To record and identify the activity of DCNVm neurons during associative sensorimotor learning, we implanted a diode-tetrode assembly in the left DCN of 10 mice after 4 weeks of post-injection viral expression. Fabrication of the diode-tetrode assembly has been described in detail [30]. Briefly, the tetrode was made of 4 individual tungsten wires (bare diameter: 20 μm; insulated diameter: 25 μm, California Fine Wire, USA). The impedance (200 kΩ–400 kΩ) of each wire was measured before implantation. A 200-μm optic fiber (0.37 N.A., FT200EMT, Thorlabs, Germany) was located in the center of the tetrode array with a power intensity of 5.0 mW/mm2–6.0 mW/mm2 at the tip. The light power was measured with an optical power meter (PM100D, Thorlabs). A craniotomy was made above the left cerebellum. The diode-tetrode assembly then was implanted into the left DCN (bregma, AP: −6.3 mm; ML: +1.5 mm, DV: −2.3 mm). Low-viscosity silicone (Kwik-CastTM, WPI) was applied to cover the craniotomy. A pair of stainless-steel wires (bare diameter: 76 μm, insulated diameter: 140 μm, no.791000, A-M Systems, USA) was subcutaneously passed through the left upper orbicularis oculi muscle to record electromyography (EMG). During 7 days of postoperative recovery, the tetrode was moved down (~40 μm/day) until it reached the target DCN area.
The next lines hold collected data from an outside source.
Section Triple.
Variables e hh f : E.
Hypothesis hh_e : br hh e = 2%:R *: e.
Hypothesis hh_f : br hh f = - (2%:R *: f).
Hypothesis e_f : br e f = hh.
Hypothesis e_nilpotent : forall y, exists k, iter k (br e) y = 0.
Hypothesis f_nilpotent : forall y, exists k, iter k (br f) y = 0.

Lemma sl2_raise v mu j : br hh v = mu *: v ->
  br hh (iter j (br e) v) = (mu + 2%:R * j%:R) *: iter j (br e) v.
Proof.
move=> hh_v; elim: j => [|j IH] /=; first by rewrite mulr0 addr0.
rewrite br_leibniz hh_e IH brZl brZr -scalerDl; congr (_ *: _).
by rewrite -addn1 natrD; ring.
Qed.

Lemma sl2_lower v lam k : br e v = 0 -> br hh v = lam *: v ->
  br hh (iter k (br f) v) = (lam - 2%:R * k%:R) *: iter k (br f) v /\
  br e (iter k.+1 (br f) v) = (k.+1%:R * (lam - k%:R)) *: iter k (br f) v.
Proof.
move=> e_v hh_v; elim: k => [|k [IH1 IH2]] /=.
  split; first by rewrite mulr0 subr0.
  by rewrite br_leibniz e_f e_v br0r addr0 hh_v mul1r subr0.
set vk := iter k (br f) v.
have hh_fvk : br hh (br f vk) = (lam - 2%:R * k.+1%:R) *: br f vk.
  rewrite br_leibniz hh_f IH1 brZr brNl brZl -scaleNr -scalerDl.
  by congr (_ *: _); rewrite -addn1 natrD; ring.
split=> //; rewrite br_leibniz e_f hh_fvk IH2 brZr -scalerDl; congr (_ *: _).
by rewrite -[k.+2]addn2 -[k.+1]addn1 !natrD; ring.
Qed.

Lemma sl2_highest_weight v mu : v != 0 -> br hh v = mu *: v ->
  exists p q : nat, mu = q%:R - 2%:R * p%:R /\
    forall k, (k <= q)%N -> iter k (br f) (iter p (br e) v) != 0.
Proof.
move=> v_neq0 hh_v.
have [p [ep_neq0 e_top]] := last_nonzero_iter v_neq0 (e_nilpotent v).
have [q [fq_neq0 f_top]] := last_nonzero_iter (ep_neq0 p (leqnn p)) (f_nilpotent _).
exists p, q; split=> //.
have [_] := sl2_lower q e_top (sl2_raise p hh_v).
rewrite [iter q.+1 _ _]/= f_top br0r => /esym/eqP.
rewrite scaler_eq0 (negbTE (fq_neq0 q (leqnn q))) orbF mulf_eq0 pnatr_eq0 /=.
by rewrite subr_eq0 => /eqP <-; ring.
Qed.

End Triple.

(* The vector [f^(q-p) e^p v] has weight [- mu] when [p <= q]; otherwise
   [p' <= q'] holds for the opposite triple [(f, - hh, e)], as
   [(q - 2p) + (q' - 2p') = mu - mu = 0]. *)
Lemma sl2_reflection e hh f v mu :
  br hh e = 2%:R *: e -> br hh f = - (2%:R *: f) -> br e f = hh ->
  (forall y, exists k, iter k (br e) y = 0) ->
  (forall y, exists k, iter k (br f) y = 0) ->
  v != 0 -> br hh v = mu *: v ->
  exists p q : nat, (p <= q)%N /\
    (mu = q%:R - 2%:R * p%:R /\ iter (q - p) (br f) (iter p (br e) v) != 0 \/
     - mu = q%:R - 2%:R * p%:R /\ iter (q - p) (br e) (iter p (br f) v) != 0).
Proof.
move=> hh_e hh_f e_f e_nil f_nil v_neq0 hh_v.
have [p [q [mu_pq nz]]] := sl2_highest_weight hh_e hh_f e_f e_nil f_nil v_neq0 hh_v.
have [le_pq|lt_qp] := leqP p q.
  by exists p, q; split=> //; left; split=> //; apply: nz; rewrite leq_subr.
have hh_f' : br (- hh) f = 2%:R *: f by rewrite brNl hh_f opprK.
have hh_e' : br (- hh) e = - (2%:R *: e) by rewrite brNl hh_e.
have f_e : br f e = - hh by rewrite brC e_f.
have hh_v' : br (- hh) v = - mu *: v by rewrite brNl hh_v scaleNr.
have [p' [q' [mu_pq' nz']]] :=
  sl2_highest_weight hh_f' hh_e' f_e f_nil e_nil v_neq0 hh_v'.
exists p', q'; split; last by right; split=> //; apply: nz'; rewrite leq_subr.
have : (q + q')%:R = (2 * (p + p'))%:R :> K.
  rewrite natrM !natrD -[q%:R](subrK (2%:R * p%:R)) -[q'%:R](subrK (2%:R * p'%:R)).
  by rewrite -mu_pq -mu_pq'; ring.
by move/eqP; rewrite eqr_nat => /eqP; lia.
Qed.
(* Let $\mathbb{K}$ be a field of characteristic $2$, let $(A,L,\theta)$ be a restricted Lie–Rinehart algebra, let $(M,\rho)$ be a restricted Lie–Rinehart module and let $(\varphi,\omega)\in C^n_{\rm LR}(L;M)$. Then $\mathrm{d}^n_{\rm LR}(\varphi,\omega)\in C^{n+1}_{\rm LR}(L;M)$. Furthermore, $\mathrm{d}^{n+1}_{\rm LR}\circ\mathrm{d}^n_{\rm LR}=0$.
   Context: $\mathbb{K}$ has characteristic $2$. Restricted Lie algebra: Lie algebra with $x\mapsto x^{[2]}$, $(\lambda x)^{[2]}=\lambda^2x^{[2]}$, $\mathrm{ad}_{x^{[2]}}=\mathrm{ad}_x^2$, $(x+y)^{[2]}=x^{[2]}+y^{[2]}+[x,y]$. Restricted Lie–Rinehart algebra $(A,L,\theta)$: $A$ commutative associative, $L$ restricted Lie algebra and $A$-module, $\theta:L\to\mathrm{Der}(A)$ an $A$-linear restricted Lie morphism ($\mathrm{Der}(A)$ with commutator, $D^{[2]}=D^2$) with $[x,ay]=a[x,y]+\theta(x)(a)y$, $(ax)^{[2]}=a^2x^{[2]}+\theta(ax)(a)x$. Restricted Lie–Rinehart module: $A$-module $M$ with restricted Lie morphism $\rho:L\to\mathrm{End}(M)$ (so $\rho(x^{[2]})=\rho(x)^2$) and $\rho(x)(am)=a\rho(x)(m)+\theta(x)(a)m$. Write $x\cdot m=\rho(x)(m)$. $C^0_{\rm LR}(L;M)=M$, $C^1_{\rm LR}(L;M)=\mathrm{Hom}_A(L,M)$; for $n\ge2$, $C^n_{\rm LR}(L;M)$ consists of pairs $(\varphi,\omega)$ with $\varphi:L^n\to M$ alternating and $A$-multilinear, $\omega:L\times L^{n-2}\to M$ alternating and $\mathbb{K}$-multilinear in the last $n-2$ arguments, such that for $z=(z_2,..,z_{n-1})$: $\omega(\lambda x,z)=\lambda^2\omega(x,z)$ ($\lambda\in\mathbb{K}$), $\omega(x+y,z)=\omega(x,z)+\omega(y,z)+\varphi(x,y,z)$, $\omega(ax,z)=a^2\omega(x,z)$ and $\omega(x,z_2,..,az_i,..)=a\,\omega(x,z_2,..,z_i,..)$ ($a\in A$). Differentials: $\mathrm{d}^0(m)(x)=x\cdot m$; $\mathrm{d}^1\psi=(\mathrm{d}_{\rm CE}\psi,\delta^1\psi)$, $\delta^1\psi(x)=\psi(x^{[2]})+x\cdot\psi(x)$; for $n\ge2$ $\mathrm{d}^n(\varphi,\omega)=(\mathrm{d}_{\rm CE}\varphi,\delta^n\omega)$ with $\mathrm{d}_{\rm CE}\varphi(x_1,..,x_{n+1})=\sum_{i<j}\varphi([x_i,x_j],x_1,..,\hat x_i,..,\hat x_j,..)+\sum_ix_i\cdot\varphi(x_1,..,\hat x_i,..)$ and $\delta^n\omega(x,z_2,..,z_n)=x\cdot\varphi(x,z_2,..,z_n)+\sum_{i=2}^nz_i\cdot\omega(x,..,\hat z_i,..)+\varphi(x^{[2]},z_2,..,z_n)+\sum_{i=2}^n\varphi([x,z_i],x,z_2,..,\hat z_i,..,z_n)+\sum_{2\le i<j\le n}\omega(x,[z_i,z_j],z_2,..,\hat z_i,..,\hat z_j,..,z_n)$. *)

From HB Require Import structures.
From mathcomp Require Import all_boot all_order all_algebra.
From mathcomp Require Import zify.

Set Implicit Arguments.
Unset Strict Implicit.
Unset Printing Implicit Defensive.

Import Order.TTheory GRing.Theory.
Local Open Scope ring_scope.

Lemma delp_proof (m i : nat) (k : 'I_m.-1) : (bump i k < m)%N.
Proof. have := ltn_ord k; rewrite /bump; case: (i <= k)%N => /=; lia. Qed.

Definition delp {X : Type} {m : nat} (i : nat) (x : 'I_m -> X) : 'I_m.-1 -> X :=
  fun k => x (Ordinal (delp_proof i k)).

Lemma vcons_proof (m k : nat) : (k.+1 < m)%N -> (k < m.-1)%N.
Proof. lia. Qed.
To test the effects of DCNVm activation on Cg neuronal activity, we implanted tetrode arrays in the right Cg (bregma, AP: +1.1 mm; ML: −0.5 mm; DV: −1.2 to −1.4 mm) in 3 mice. In addition, a 200-μm optic fiber (0.37 N.A., FT200EMT, Thorlabs) was implanted into the left DCN (bregma, AP: −6.3 mm; ML: +1.5 mm; DV: −2.1 mm).
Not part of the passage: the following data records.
(* Let $X$ be a finite $T_0$ topological space, $\mathcal V$ a multivector field on $X$ with $X$ invariant, $\mathcal M=\{M_p\mid p\in\mathbb P\}$ a Morse predecomposition of $X$, and $\le$ an admissible preorder on $\mathbb P$. Then for every $\mathbb Q\subset\mathbb P$ the set $M_{\mathbb Q}$ is a saturated isolated invariant set. Moreover, if $\mathbb Q$ is convex with respect to $\le$, then $M_{\mathbb Q}\cap M_r=\emptyset$ for all $r\in\mathbb P\setminus\mathbb Q$.
   Context: Notation: $\operatorname{cl}$ is closure; $A\subset X$ is locally closed if $\operatorname{cl}A\setminus A$ is closed. A multivector field $\mathcal V$ on $X$ is a partition of $X$ into locally closed sets (multivectors); $[x]_{\mathcal V}$ is the multivector containing $x$. A multivector $V$ is critical if $H(\operatorname{cl}V,\operatorname{cl}V\setminus V)$ (relative singular homology) is nontrivial, regular otherwise. $A$ is $\mathcal V$-compatible if it is a union of multivectors; $\langle A\rangle_{\mathcal V}$ is the smallest locally closed $\mathcal V$-compatible set containing $A$. $\Pi_{\mathcal V}(x)=\operatorname{cl}\{x\}\cup[x]_{\mathcal V}$. A solution is a partial map $\gamma:\mathbb Z\nrightarrow X$ with domain an integer interval and $\gamma(t+1)\in\Pi_{\mathcal V}(\gamma(t))$; a path has finite domain; a full solution has domain $\mathbb Z$. $\alpha(\gamma)=\langle\bigcap_{t\le0}\gamma((-\infty,t])\rangle_{\mathcal V}$, $\omega(\gamma)=\langle\bigcap_{t\ge0}\gamma([t,\infty))\rangle_{\mathcal V}$. A full solution is essential unless $\alpha(\gamma)$ or $\omega(\gamma)$ lies in a single regular multivector; an essential solution in $A$ has image in $A$. $\operatorname{Inv}S$ is the set of $x\in S$ with an essential solution $\gamma$ in $S$, $\gamma(0)=x$; $S$ is invariant if $\operatorname{Inv}S=S$. An invariant $S$ is isolated invariant if there is a closed $N\supset\Pi_{\mathcal V}(S)$ such that every path in $N$ with endpoints in $S$ has image in $S$. A link from $S_1$ to $S_2$ is a full solution with $\alpha(\gamma)\cap S_1\ne\emptyset\ne\omega(\gamma)\cap S_2$. A Morse predecomposition of $X$ is an indexed family $\{M_p\mid p\in\mathbb P\}$ of mutually disjoint isolated invariant subsets such that every essential solution in $X$ is a link from some $M_p$ to some $M_q$. A preorder $\le$ on $\mathbb P$ is admissible if a link from $M_p$ to $M_q$ implies $q\le p$; $\mathbb Q$ is convex w.r.t. $\le$ if $p\le r\le q$, $p,q\in\mathbb Q$ imply $r\in\mathbb Q$. An invariant $T\subset X$ is saturated if every essential solution $\gamma$ in $X$ with $\alpha(\gamma)\cup\omega(\gamma)\subset T$ has $\operatorname{im}\gamma\subset T$. $\mathbb P_C=\{p\mid M_p\cap C\ne\emptyset\}$; $\operatorname{eSol}_{\mathbb Q}(X)$ is the set of essential solutions $\gamma$ in $X$ with $\mathbb P_{\alpha(\gamma)}\cap\mathbb Q\ne\emptyset\ne\mathbb P_{\omega(\gamma)}\cap\mathbb Q$; $M_{\mathbb Q}=\bigcup\{\operatorname{im}\gamma\mid\gamma\in\operatorname{eSol}_{\mathbb Q}(X)\}$. *)

From HB Require Import structures.
From mathcomp Require Import all_boot all_order all_algebra.
From mathcomp Require Import all_classical all_reals all_analysis.
From mathcomp Require Import Rstruct Rstruct_topology.
From Stdlib Require Rdefinitions.
Notation R := Rdefinitions.R.

Set Implicit Arguments.
Unset Strict Implicit.
Unset Printing Implicit Defensive.

Import Order.TTheory GRing.Theory Num.Theory.
Import numFieldNormedType.Exports.
Local Open Scope classical_set_scope.
Local Open Scope ring_scope.

Definition std_simplex (n : nat) : set 'rV[R]_n.+1 :=
  [set v | (forall i, 0 <= v ord0 i) /\ \sum_i v ord0 i = 1].
Arguments std_simplex : clear implicits.

Section SingularHomology.
Variable T : topologicalType.

Definition sing_simplex (n : nat) (s : 'rV[R]_n.+1 -> T) : Prop :=
  {within std_simplex n, continuous s}.

Definition sing_in (n : nat) (A : set T) (s : 'rV[R]_n.+1 -> T) : Prop :=
  sing_simplex s /\ s @` std_simplex n `<=` A.

Definition same_simplex (n : nat) (s t : 'rV[R]_n.+1 -> T) : Prop :=
  forall v, std_simplex n v -> s v = t v.

Definition chain (n : nat) := seq (int * ('rV[R]_n.+1 -> T)).

Definition coef (n : nat) (c : chain n) (s : 'rV[R]_n.+1 -> T) : int :=
  \sum_(p <- c) (if `[< same_simplex p.2 s >] then p.1 else 0).

Definition chain_in (n : nat) (A : set T) (c : chain n) : Prop :=
  forall p, List.In p c -> sing_in A p.2.

Definition chain_sub (n : nat) (c d : chain n) : chain n :=
  c ++ [seq (- p.1, p.2) | p <- d].

(* i-th face map R^(n+1) -> R^(n+2) (insert a zero coordinate at i) *)
Definition face (n : nat) (i : 'I_n.+2) (v : 'rV[R]_n.+1) : 'rV[R]_n.+2 :=
  \row_j (if unlift i j is Some k then v ord0 k else 0).

Definition boundary (n : nat) (c : chain n.+1) : chain n :=
  flatten [seq [seq (((-1) ^+ nat_of_ord i) * p.1, p.2 \o face i)
               | i : 'I_n.+2 <- enum 'I_n.+2]
           | p : int * ('rV[R]_n.+2 -> T) <- c].

(* c vanishes in the relative chain group C_n(A) / C_n(B) *)
Definition null_mod (n : nat) (B : set T) (c : chain n) : Prop :=
  forall s, sing_simplex s -> ~ (s @` std_simplex n `<=` B) -> coef c s = 0.

Definition rel_cycle (n : nat) (B : set T) : chain n -> Prop :=
  match n return chain n -> Prop with
  | 0 => fun _ => True
  | m.+1 => fun c => null_mod B (boundary c)
  end.

Definition rel_boundary (n : nat) (A B : set T) (c : chain n) : Prop :=
  exists d : chain n.+1, chain_in A d /\ null_mod B (chain_sub c (boundary d)).

Definition rel_homology_nontrivial (A B : set T) : Prop :=
  exists (n : nat) (c : chain n),
    chain_in A c /\ rel_cycle B c /\ ~ rel_boundary A B c.

End SingularHomology.

Section Multivector.
Variable T : topologicalType.

Definition locally_closed (A : set T) : Prop := closed (closure A `\` A).

(* A multivector field is given by x |-> [x]_V, a partition of X into
   locally closed sets. *)
Definition multivector_field (V : T -> set T) : Prop :=
  (forall x, V x x) /\
  (forall x y, V x y -> V y = V x) /\
  (forall x, locally_closed (V x)).

Variable V : T -> set T.

Definition critical (W : set T) : Prop :=
  rel_homology_nontrivial (closure W) (closure W `\` W).

Definition regular (W : set T) : Prop := ~ critical W.

Definition compatible (A : set T) : Prop := forall x, A x -> V x `<=` A.

Definition lc_hull (A : set T) : set T :=
  \bigcap_(B in [set B | locally_closed B /\ compatible B /\ A `<=` B]) B.

Definition Pi (x : T) : set T := closure [set x] `|` V x.

Definition PiS (S : set T) : set T := \bigcup_(x in S) Pi x.

Definition full_solution (g : int -> T) : Prop :=
  forall t : int, Pi (g t) (g (t + 1)).

Definition alpha (g : int -> T) : set T :=
  lc_hull (\bigcap_(t in [set t : int | t <= 0]) (g @` [set s | s <= t])).

Definition omega (g : int -> T) : set T :=
  lc_hull (\bigcap_(t in [set t : int | 0 <= t]) (g @` [set s | t <= s])).

Definition in_regular_multivector (A : set T) : Prop :=
  exists x, regular (V x) /\ A `<=` V x.

Definition essential (g : int -> T) : Prop :=
  full_solution g /\
  ~ in_regular_multivector (alpha g) /\ ~ in_regular_multivector (omega g).

Definition essential_in (A : set T) (g : int -> T) : Prop :=
  essential g /\ range g `<=` A.

Definition Inv (S : set T) : set T :=
  [set x | S x /\ exists g, essential_in S g /\ g 0 = x].

Definition is_invariant (S : set T) : Prop := Inv S = S.

Definition path_on (a b : int) (g : int -> T) : Prop :=
  a <= b /\ forall t, a <= t -> t < b -> Pi (g t) (g (t + 1)).

Definition isolated_invariant (S : set T) : Prop :=
  is_invariant S /\
  exists N : set T, closed N /\ PiS S `<=` N /\
    forall (a b : int) (g : int -> T), path_on a b g ->
      (forall t, a <= t -> t <= b -> N (g t)) ->
      S (g a) -> S (g b) ->
      forall t, a <= t -> t <= b -> S (g t).

Definition link (S1 S2 : set T) (g : int -> T) : Prop :=
  full_solution g /\ alpha g `&` S1 !=set0 /\ omega g `&` S2 !=set0.

Definition morse_predecomposition (P : Type) (M : P -> set T) : Prop :=
  (forall p q, p <> q -> M p `&` M q = set0) /\
  (forall p, isolated_invariant (M p)) /\
  (forall g, essential_in setT g -> exists p q, link (M p) (M q) g).

Definition admissible (P : Type) (M : P -> set T) (le : P -> P -> Prop) : Prop :=
  (forall p, le p p) /\ (forall p q r, le p q -> le q r -> le p r) /\
  (forall p q g, link (M p) (M q) g -> le q p).

Definition saturated (S : set T) : Prop :=
  is_invariant S /\
  forall g, essential_in setT g -> alpha g `|` omega g `<=` S -> range g `<=` S.

Definition PC (P : Type) (M : P -> set T) (C : set T) : set P :=
  [set p | M p `&` C !=set0].

Definition eSol (P : Type) (M : P -> set T) (Q : set P) : set (int -> T) :=
  [set g | essential_in setT g /\ PC M (alpha g) `&` Q !=set0 /\
           PC M (omega g) `&` Q !=set0].

Definition MQ (P : Type) (M : P -> set T) (Q : set P) : set T :=
  \bigcup_(g in eSol M Q) range g.

End Multivector.

Definition convex_wrt (P : Type) (le : P -> P -> Prop) (Q : set P) : Prop :=
  forall p q r, Q p -> Q q -> le p r -> le r q -> Q r.

From mathcomp Require Import all_boot all_order all_algebra.
From mathcomp Require Import all_classical all_reals all_analysis.
From mathcomp Require Import zify.
Local Open Scope classical_set_scope.

(* Everything rests on gluing: if a path runs from a point of a solution
   g1 in eSol_Q to a point of a solution g2 in eSol_Q, then following g1 up
   to the path, then the path, then g2 gives a full solution with the
   alpha-limit set of g1 and the omega-limit set of g2, hence again a member
   of eSol_Q. This yields isolation (with N = X) and invariance (shift a
   solution through the point). Saturation follows because in a finite space
   every full solution visits some point of its alpha-limit set arbitrarily
   early and some point of its omega-limit set arbitrarily late. For the
   convexity claim, glue a solution of eSol_Q and an essential solution in
   M_r through a common point, in both orders: this gives links from M_p to
   M_r and from M_r to M_q with p, q in Q, so q <= r <= p forces r in Q. *)

Import Order.TTheory GRing.Theory Num.Theory.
To evaluate the effect of DCNVm activity manipulation on CR performance, 25 mice were implanted with an optical fiber (diameter: 200 μm, 0.37 N.A., FT200EMT, Thorlabs) into the left DCN (bregma, AP: −6.3 mm; ML: +1.5 mm; DV: −2.1 mm). The optical fibers were secured to the skull surface using Metabond cement (Parkell, Japan). All mice were monitored for 7 days following surgery to ensure full recovery.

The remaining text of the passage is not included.